The problem is that they (have the ability to) continue to make those decisions afterwards. You could have "known" an iPhone could run Fortnite at the moment you bought it and then after you received it in the mail discovered that they had decided you were no longer allowed to do that.

You could then say "well I bought it knowing they had the ability to change anything at any time" but I'm not sure I agree that you can give informed consent to a blank check.

1 comments

It’s pretty easy to conclude that Apple will remove software the deliberately breaches their terms of service.

Epic knew it, and the chose to breach the terms of service on purpose to cause this effect. Epic intentionally triggered a contract term that they knew would result in their software being removed from their customer’s devices.

They were given an opportunity by both Apple and the court to restore their software to compliance and still get to continue the lawsuit.

This is 100% Epic’s responsibility.

They could have sued Apple without deliberately breaching the contract, but they chose to make their customers into pawns in their legal strategy.

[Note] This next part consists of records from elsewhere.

Definition deg (V : finType) (e : rel V) (x : V) : nat := #|[set y | e x y]|.

Definition max_deg (V : finType) (e : rel V) : nat := \max_(x : V) deg e x.

Definition connected (V : finType) (e : rel V) : Prop :=
  forall x y : V, connect e x y.

Definition locally_irregular (V : finType) (e : rel V) : bool :=
  [forall x : V, forall y : V, e x y ==> (deg e x != deg e y)].

Definition edge_irregulator (V : finType) (e : rel V) (S : {set {set V}}) : bool :=
  (S \subset edges e) && locally_irregular (del_edges e S).

Lemma edge_irregulator_exists (V : finType) (e : rel V) :
  exists n, [exists S : {set {set V}}, edge_irregulator e S && (#|S| == n)].
Proof.
exists #|edges e|; apply/existsP; exists (edges e); rewrite eqxx andbT.
rewrite /edge_irregulator subxx /=; apply/forallP => x; apply/forallP => y.
apply/implyP; rewrite /del_edges => /andP[exy]; case/negP.
by apply/imset2P; exists x y => //; rewrite inE.
Qed.

Definition Ie (V : finType) (e : rel V) : nat :=
  ex_minn (edge_irregulator_exists e).

From mathcomp Require Import all_boot zify.
Set Implicit Arguments. Unset Strict Implicit. Unset Printing Implicit Defensive.

(* Grow the vertex set of G one vertex at a time along edges, keeping a set X
   of grown vertices such that at least half of the edges inside the grown set
   A cross between X and A \ X, and such that every even subset T of A is the
   set of odd-degree vertices of fewer than |A| crossing edges (a T-join; the
   crossing edges contain a spanning tree of A).  A new vertex is put opposite
   to the majority of its neighbours in A, and a crossing edge at it repairs
   the T-joins.
   Given such an X on a set S where X or S \ X has even order, call that side
   Q, let C be the crossing edges and F a T-join fixing the degree parities of
   C: the bipartite graph C \ F has odd degrees exactly on Q, so it is locally
   irregular, and deleting all other edges costs less than m - |C| + |S|.
   Take S = V when n is odd; otherwise take S = V minus the last vertex grown,
   which has odd order and misses at most Delta of the m edges. *)

Section FinsetFacts.
Variable T : finType.

Lemma card_set1I (z : T) (X : {set T}) : #|[set z] :&: X| = (z \in X).
Proof.
case: (boolP (z \in X)) => zX; first by rewrite (setIidPl _) ?sub1set ?cards1.
by apply/eqP; rewrite cards_eq0 setI_eq0 disjoints1.
Qed.

Lemma card_set2I (x y : T) (X : {set T}) : x != y ->
  #|[set x; y] :&: X| = (x \in X) + (y \in X).
Proof.
move=> nxy; rewrite setIUl cardsU !card_set1I setIACA.
have -> : [set x] :&: [set y] = set0 by apply/eqP; rewrite setI_eq0 disjoints1 inE.
by rewrite set0I cards0 subn0.
Qed.

Lemma set2_inj (x y y' : T) : x != y -> [set x; y] = [set x; y'] -> y = y'.
Proof.
move=> nxy eq; have : y \in [set x; y'] by rewrite -eq !inE eqxx orbT.
by rewrite !inE eq_sym (negbTE nxy) => /eqP.
Qed.

Lemma odd_card (A : {set T}) : odd #|A| = \big[addb/false]_z (z \in A).
Proof.
rewrite -sum1_card big_mkcond /= (big_morph odd oddD (erefl : odd 0 = false)).
by apply: eq_bigr => z _; case: (z \in A).
Qed.

Lemma odd_card_symdiff (A B : {set T}) :
  odd #|[set z | (z \in A) (+) (z \in B)]| = odd #|A| (+) odd #|B|.
Proof.
by rewrite !odd_card -big_split /=; apply: eq_bigr => z _; rewrite inE.
Qed.

Lemma odd_card_odd (d : T -> nat) : odd #|[set z | odd (d z)]| = odd (\sum_z d z).
Proof.
rewrite odd_card (big_morph odd oddD (erefl : odd 0 = false)).
by apply: eq_bigr => z _; rewrite inE.
Qed.

Lemma even_side (X S : {set T}) : X \subset S -> odd #|S| ->
  ~~ odd #|X| || ~~ odd #|S :\: X|.
Proof.
move=> XS; rewrite -(cardsID X S) (setIidPr XS) oddD.
by case: (odd #|X|); case: (odd #|S :\: X|).
Qed.

End FinsetFacts.

Section EdgeIrregulator.
Variables (V : finType) (e : rel V).
Hypotheses (esym : symmetric e) (eirr : irreflexive e).

Definition edges_in (A : {set V}) := [set f in edges e | f \subset A].
Definition cut_edges (X A : {set V}) := [set f in edges_in A | #|f :&: X| == 1].
Definition deg_in (F : {set {set V}}) (w : V) := #|[set f in F | w \in f]|.
Definition nbrs_in (v : V) (A : {set V}) := [set y in A | e v y].

Lemma edgesP f : reflect (exists x y, e x y /\ f = [set x; y]) (f \in edges e).
Proof.
apply: (iffP imset2P) => [[x y _]|[x [y [exy ->]]]].
  by rewrite inE => exy ->; exists x, y.
by exists x y => //; rewrite inE.
Qed.

Lemma mem_edges x y : e x y -> [set x; y] \in edges e.
Proof. by move=> exy; apply/edgesP; exists x, y. Qed.

Lemma adj_neq x y : e x y -> x != y.
Proof. by apply: contraTneq => ->; rewrite eirr. Qed.

Lemma card_edges f : f \in edges e -> #|f| = 2.
Proof. by case/edgesP=> x [y [/adj_neq nxy ->]]; rewrite cards2 nxy. Qed.

Lemma edges_at f x : f \in edges e -> x \in f -> exists2 y, e x y & f = [set x; y].
Proof.
case/edgesP=> a [b [eab ->]]; rewrite !inE => /orP[] /eqP ->; first by exists b.
by exists a; rewrite 1?esym // setUC.
Qed.

Lemma cut_set2 x y (X : {set V}) : x != y ->
  (#|[set x; y] :&: X| == 1) = ((x \in X) != (y \in X)).
Proof. by move=> nxy; rewrite card_set2I //; case: (x \in X); case: (y \in X). Qed.

Lemma deg_in_sum (F : {set {set V}}) w : deg_in F w = \sum_(f in F) (w \in f).
Proof.
rewrite /deg_in -sum1_card big_mkcond [RHS]big_mkcond /=; apply: eq_bigr => f _.
by rewrite inE; case: (f \in F); case: (w \in f).
Qed.

Lemma deg_in0 w : deg_in set0 w = 0.
Proof. by rewrite deg_in_sum big_set0. Qed.

Lemma deg_in_setU1 (g : {set V}) (F : {set {set V}}) w :
  g \notin F -> deg_in (g |: F) w = (w \in g) + deg_in F w.
Proof. by move=> gF; rewrite !deg_in_sum big_setU1. Qed.

Lemma deg_in_setD (F C : {set {set V}}) w :
  F \subset C -> deg_in C w = deg_in F w + deg_in (C :\: F) w.
Proof. by move=> FC; rewrite !deg_in_sum (big_setID F) /= (setIidPr FC). Qed.

Lemma sum_deg_in (F : {set {set V}}) : F \subset edges e -> \sum_w deg_in F w = 2 * #|F|.
Proof.
move=> FE; under eq_bigr => w _ do rewrite deg_in_sum.
rewrite exchange_big /= -sum1_card big_distrr /=; apply: eq_bigr => f fF.
rewrite muln1 -(card_edges (subsetP FE f fF)) -sum1_card [RHS]big_mkcond /=.
by apply: eq_bigr => w _; case: (w \in f).
Qed.

Lemma even_card_odd_deg_in (F : {set {set V}}) :
  F \subset edges e -> ~~ odd #|[set w | odd (deg_in F w)]|.
Proof. by move=> FE; rewrite odd_card_odd sum_deg_in // oddM. Qed.

Lemma deg_del_edges (H : {set {set V}}) x : H \subset edges e ->
  deg (del_edges e (edges e :\: H)) x = deg_in H x.
Proof.
move=> HE; rewrite /deg /deg_in.
have -> : [set f in H | x \in f] =
          [set [set x; y] | y in [set y | del_edges e (edges e :\: H) x y]].
  apply/setP => f; rewrite inE; apply/andP/imsetP => [[fH]|[y]].
    move=> xf; have [y exy fE] := edges_at (subsetP HE f fH) xf.
    by exists y; rewrite // inE /del_edges exy -fE !inE fH.
  rewrite inE /del_edges !inE negb_and negbK => /andP[exy]; rewrite mem_edges //= orbF.
  by move=> yH ->; rewrite yH !inE eqxx.
rewrite card_in_imset // => y y'; rewrite !inE /del_edges => /andP[/adj_neq nxy _] _.
exact: set2_inj.
Qed.

Inductive grown : {set V} -> Prop :=
  | grown1 r : grown [set r]
  | grownU1 A u v : grown A -> u \in A -> v \notin A -> e u v -> grown (v |: A).

Lemma grown_nonempty (A : {set V}) : grown A -> exists a, a \in A.
Proof. by case=> [r|A' u v _ _ _ _]; [exists r; rewrite set11 | exists v; rewrite setU11]. Qed.

Lemma connect_cross x y (A : {set V}) : connect e x y -> x \in A -> y \notin A ->
  exists u v, [/\ u \in A, v \notin A & e u v].
Proof.
case/connectP=> p; elim: p x => [|z p IH] x /=; first by move=> _ -> ->.
case/andP=> exz pz ly xA yA; case: (boolP (z \in A)) => zA; first exact: IH pz ly zA yA.
by exists x, z.
Qed.

Lemma grown_setT (r : V) : connected e -> grown [set: V].
Proof.
move=> conn.
suff grow n (A : {set V}) : #|V| <= #|A| + n -> grown A -> grown [set: V].
  by apply: (grow #|V| [set r]); [exact: leq_addl | exact: grown1].
elim: n A => [|n IH] A hA gA.
  suff <- : A = [set: V] by [].
  by apply/eqP; rewrite eqEcard subsetT cardsT -(addn0 #|A|).
case: (eqVneq A [set: V]) => [<- // | AT].
have /subsetPn[w _ wA] : ~~ ([set: V] \subset A) by rewrite subTset.
have [a aA] := grown_nonempty gA.
have [u [v [uA vA euv]]] := connect_cross (conn a w) aA wA.
apply: (IH (v |: A)); last exact: grownU1 gA uA vA euv.
by rewrite cardsU1 vA; lia.
Qed.

Lemma grown_last (A : {set V}) : grown A -> 2 <= #|A| ->
  exists A' u v, [/\ grown A', u \in A', v \notin A', e u v & A = v |: A'].
Proof. by case=> [r|A' u v gA uA vA euv]; [rewrite cards1 | exists A', u, v]. Qed.

Lemma edges_inT : edges_in [set: V] = edges e.
Proof. by apply/setP => f; rewrite inE subsetT andbT. Qed.

Lemma card_edges_in_setU1 (A : {set V}) v : v \notin A ->
  #|edges_in (v |: A)| <= #|edges_in A| + #|nbrs_in v A|.
Proof.
move=> vA.
have sub : edges_in (v |: A) \subset edges_in A :|: [set [set v; y] | y in nbrs_in v A].
  apply/subsetP => f; rewrite !inE => /andP[fE fvA].
  case: (boolP (v \in f)) => vf.
    have [y evy fvy] := edges_at fE vf; apply/orP; right; apply/imsetP; exists y => //.
    have : y \in v |: A by apply: (subsetP fvA); rewrite fvy !inE eqxx orbT.
    by rewrite !inE evy andbT eq_sym (negbTE (adj_neq evy)).
  rewrite fE; apply/orP; left; apply/subsetP => z zf.
  by have := subsetP fvA z zf; rewrite !inE; case: eqP => // zv; rewrite -zv zf in vf.
apply: leq_trans (subset_leq_card sub) _; apply: leq_trans (leq_card_setU _ _).1 _.
by rewrite leq_add2l leq_imset_card.
Qed.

I don't support what Epic did but whether or not it was justified is irrelevant here. A modification was made to the functionality of your device after the moment of purchase, that remains true regardless. And you could not have foreseen that specific modification to your device unless you worked at Epic and had internal knowledge of their plans.

You effectively need to know what every company in the world is doing to have any real idea what your device is going to be able to do tomorrow. Under those conditions I don't think you can say you were informed when you purchased it.

Your standard can never be met. Even if no changes were made after the sale, no human can fully predict the behavior of even an open source modern operating system, let alone a closed source one.

But I disagree that people weren’t informed. It is common knowledge and widely advertised that Apple issues software updates, and it is widely known that Apple enforces its store rules.

The information about what changes could be made and by whom was readily available to purchasers.